I am also experiencing this precise crash on a page I developed. One thing it has in common with the test case above is the use of jQuery 1.4.2. The original report I received from a user was for FF 3.6.10 under Windows 7. There, the select list would simply fail to drop down. I am able to reproduce the actual crash under Mac OS X 10.5.8; sometimes it crashes, sometimes the select list drops down briefly and then disappears. At this point, I'd really like some suggestions about what I might be able to do as a workaround. Turning off jQuery does solve it, but that's not an option that would fly with the bosses :-).
For what it's worth, I was able to avoid the crash by changing the CSS of one of the containing DIVs to "display: inline-block", where it had been "inline". This doesn't seem to apply to the SBGI site. I tried changing a few things, and couldn't find anything analogous to prevent the crash. So the fact that I was able to prevent it this way in my site may be a coincidence.
Any progress on this?
Bug 625843 has close to 100% effective STR for this "crash".

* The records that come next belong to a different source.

(* Let $\Bbbk$ be a field, $n\ge2$, and $R=\Bbbk[x]/\langle x^n\rangle$. The following cones in $\mathbb V$ are equal: (1) ${\operatorname{B_{\mathbb Q}}}(R)$; (2) $D=\operatorname{pos}\{\pi_d: d \text{ an } R\text{-degree sequence}\}$; (3) the cone $F$ defined as the intersection of: $\{\epsilon_{i,j}\ge0\}$ for $i\in\{0,1,2\}$, $j\in\mathbb Z$; $\{\alpha_{0,k}\ge0\}$ for $k\in\mathbb Z$; $\{\theta_k\ge0\}$ for $k\in\mathbb Z$; $\{\eta_k\ge0\}$ for $k\in\mathbb Z$; $\{\alpha_{i,k}=0\}$ for all $i\ge1$, $k\in\mathbb Z$; and $\{\eta_\infty=0\}$.
   Context: $\mathbb V$: the $\mathbb Q$-vector space of column-finite rational matrices $v=(v_{i,j})$, $i\in\mathbb N$, $j\in\mathbb Z$. For a finitely generated graded $R$-module $M$, $\beta^R(M)\in\mathbb V$ has entries $\beta^R_{i,j}(M)=\dim_\Bbbk\operatorname{Tor}_i^R(M,\Bbbk)_j$; ${\operatorname{B_{\mathbb Q}}}(R)$ is the set of finite $\mathbb Q_{\ge0}$-combinations of Betti diagrams of finitely generated graded $R$-modules; $\operatorname{pos}$ denotes finite $\mathbb Q_{\ge0}$-combinations. An $R$-degree sequence is either $(d_0,\infty,\infty,\ldots)$ with $d_0\in\mathbb Z$, or an integer sequence $(d_0,d_1,d_2,\ldots)$ with $d_0<d_1<d_0+n$ and $d_{i+2}-d_i=n$ for all $i\ge0$. For such $d$, $(\pi_d)_{i,j}=1$ if $j=d_i\ne\infty$ and $0$ otherwise. Functionals on $v\in\mathbb V$: $\epsilon_{i,j}(v)=v_{i,j}$; $\alpha_{i,k}(v)=\epsilon_{i,k}(v)-\epsilon_{i+2,k+n}(v)$; $\theta_k(v)=\sum_{j\le k}\epsilon_{2,j}(v)-\sum_{j\le k-n+1}\epsilon_{1,j}(v)$; $\eta_k(v)=\sum_{j\le k}(\epsilon_{1,j}(v)-\epsilon_{2,j+1}(v))$; $\eta_\infty(v)=\sum_{j\in\mathbb Z}(\epsilon_{1,j}(v)-\epsilon_{2,j+1}(v))$ (all sums finite by column-finiteness). *)

From HB Require Import structures.
From mathcomp Require Import all_boot all_order all_algebra.
From Stdlib Require List.
Set Implicit Arguments. Unset Strict Implicit. Unset Printing Implicit Defensive.
Import Order.TTheory GRing.Theory Num.Theory.
Local Open Scope ring_scope.

(* A finitely generated graded R-module is a finite-dimensional graded    *)
(* K-vector space M = (+)_j M_j together with x : M_j -> M_(j+1) with     *)
(* x^n = 0.  M_j is modelled as K^(gdim j) (row vectors), x on M_j as a   *)
(* matrix gx j (acting on the right: v |-> v *m gx j).                    *)

Definition isucc (z : int) : int := z + 1.

Fixpoint xpow (K : fieldType) (m : int -> nat)
    (X : forall j : int, 'M[K]_(m j, m (j + 1))) (r : nat) (j : int)
    : 'M[K]_(m j, m (iter r isucc j)) :=
  match r return 'M[K]_(m j, m (iter r isucc j)) with
  | 0 => 1%:M
  | r'.+1 => xpow X r' j *m X (iter r' isucc j)
  end.

Record gmod (K : fieldType) (n : nat) := GMod {
  gdim : int -> nat;
  gx : forall j : int, 'M[K]_(gdim j, gdim (j + 1));
  gfin : exists a b : int, forall j : int, (j < a) || (b < j) -> gdim j = 0%N;
  gnil : forall j : int, xpow gx n j = 0
}.

(* Tor_i^R(M,K)_j, computed as the homology of M (x) F where F is the     *)
(* (minimal graded free) resolution of K = R/(x):                          *)
(*   0 <- R <-x- R(-1) <-x^(n-1)- R(-n) <-x- R(-n-1) <-x^(n-1)- ...        *)
(* F_i = R(-sh i), with differential F_i -> F_(i-1) multiplication by      *)
(* x^(pw i).  Hence (M (x) F_i)_j = M_(j - sh i), and the differential     *)
(* out of it in degree j is x^(pw i) : M_(j - sh i) -> M_(j - sh (i-1)).   *)
Definition sh (n i : nat) : int := ((i./2 * n) + odd i)%N%:Z.
Definition pw (n i : nat) : nat := if odd i then 1%N else n.-1.

(* dim Tor_i = dim ker d_i - dim im d_(i+1)  (d_0 = 0) *)
Definition betti (K : fieldType) (n : nat) (M : gmod K n) (i : nat) (j : int)
    : nat :=
  (gdim M (j - sh n i)
   - (if i == 0%N then 0%N else \rank (xpow (@gx K n M) (pw n i) (j - sh n i)))
   - \rank (xpow (@gx K n M) (pw n i.+1) (j - sh n i.+1)))%N.

Definition inV (v : nat -> int -> rat) : Prop :=
  forall i : nat, exists a b : int, forall j : int, (j < a) || (b < j) -> v i j = 0.

Definition bettiQ (K : fieldType) (n : nat) (M : gmod K n) : nat -> int -> rat :=
  fun i j => (betti M i j)%:R.

Definition BQ (K : fieldType) (n : nat) (v : nat -> int -> rat) : Prop :=
  exists s : seq (rat * gmod K n),
    (forall p, List.In p s -> 0 <= p.1) /\
    forall i j, v i j = \sum_(p <- s) p.1 * bettiQ p.2 i j.

(* R-degree sequences; None stands for infinity *)
Definition is_degseq (n : nat) (d : nat -> option int) : Prop :=
  (exists d0 : int, d 0%N = Some d0 /\ forall i, (0 < i)%N -> d i = None) \/
  (exists e : nat -> int, (forall i, d i = Some (e i)) /\
     e 0%N < e 1%N /\ e 1%N < e 0%N + n%:Z /\
     forall i, e i.+2 - e i = n%:Z).

Definition pi_d (d : nat -> option int) : nat -> int -> rat :=
  fun i j => if d i == Some j then 1 else 0.

Definition Dcone (n : nat) (v : nat -> int -> rat) : Prop :=
  exists s : seq (rat * (nat -> option int)),
    (forall p, List.In p s -> 0 <= p.1 /\ is_degseq n p.2) /\
    forall i j, v i j = \sum_(p <- s) p.1 * pi_d p.2 i j.

Definition isum (g : int -> rat) (L k : int) : rat :=
  if L <= k then \sum_(t < (absz (k - L)).+1) g (L + t%:Z) else 0.

Definition vanish_below (g : int -> rat) (L : int) : Prop :=
  forall j, j < L -> g j = 0.
Definition vanish_above (g : int -> rat) (U : int) : Prop :=
  forall j, U < j -> g j = 0.

(* A finite-support sum  sum_{j <= k} g j  is isum g L k for ANY L below  *)
(* the support; conditions on such sums are stated for all such L.        *)
Definition eta_row (v : nat -> int -> rat) (j : int) : rat := v 1%N j - v 2%N (j + 1).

Many (most?) of this bug's "crashes" don't bring up Breakpad, and so aren't included in the statistics at http://crash-stats.mozilla.com. So what I said in comment #30 about this not being a topcrasher is misleading -- we actually have no way of knowing whether or not its a topcrasher. So I'm going to try to find time next week for this bug, and see whether or not it has an easy fix/workaround. If it does, this bug should probably block the FF4 final release.
> So what I said in comment #30 about this not being a topcrasher is > misleading -- we actually have no way of knowing whether or not its a > topcrasher. It was comment #12.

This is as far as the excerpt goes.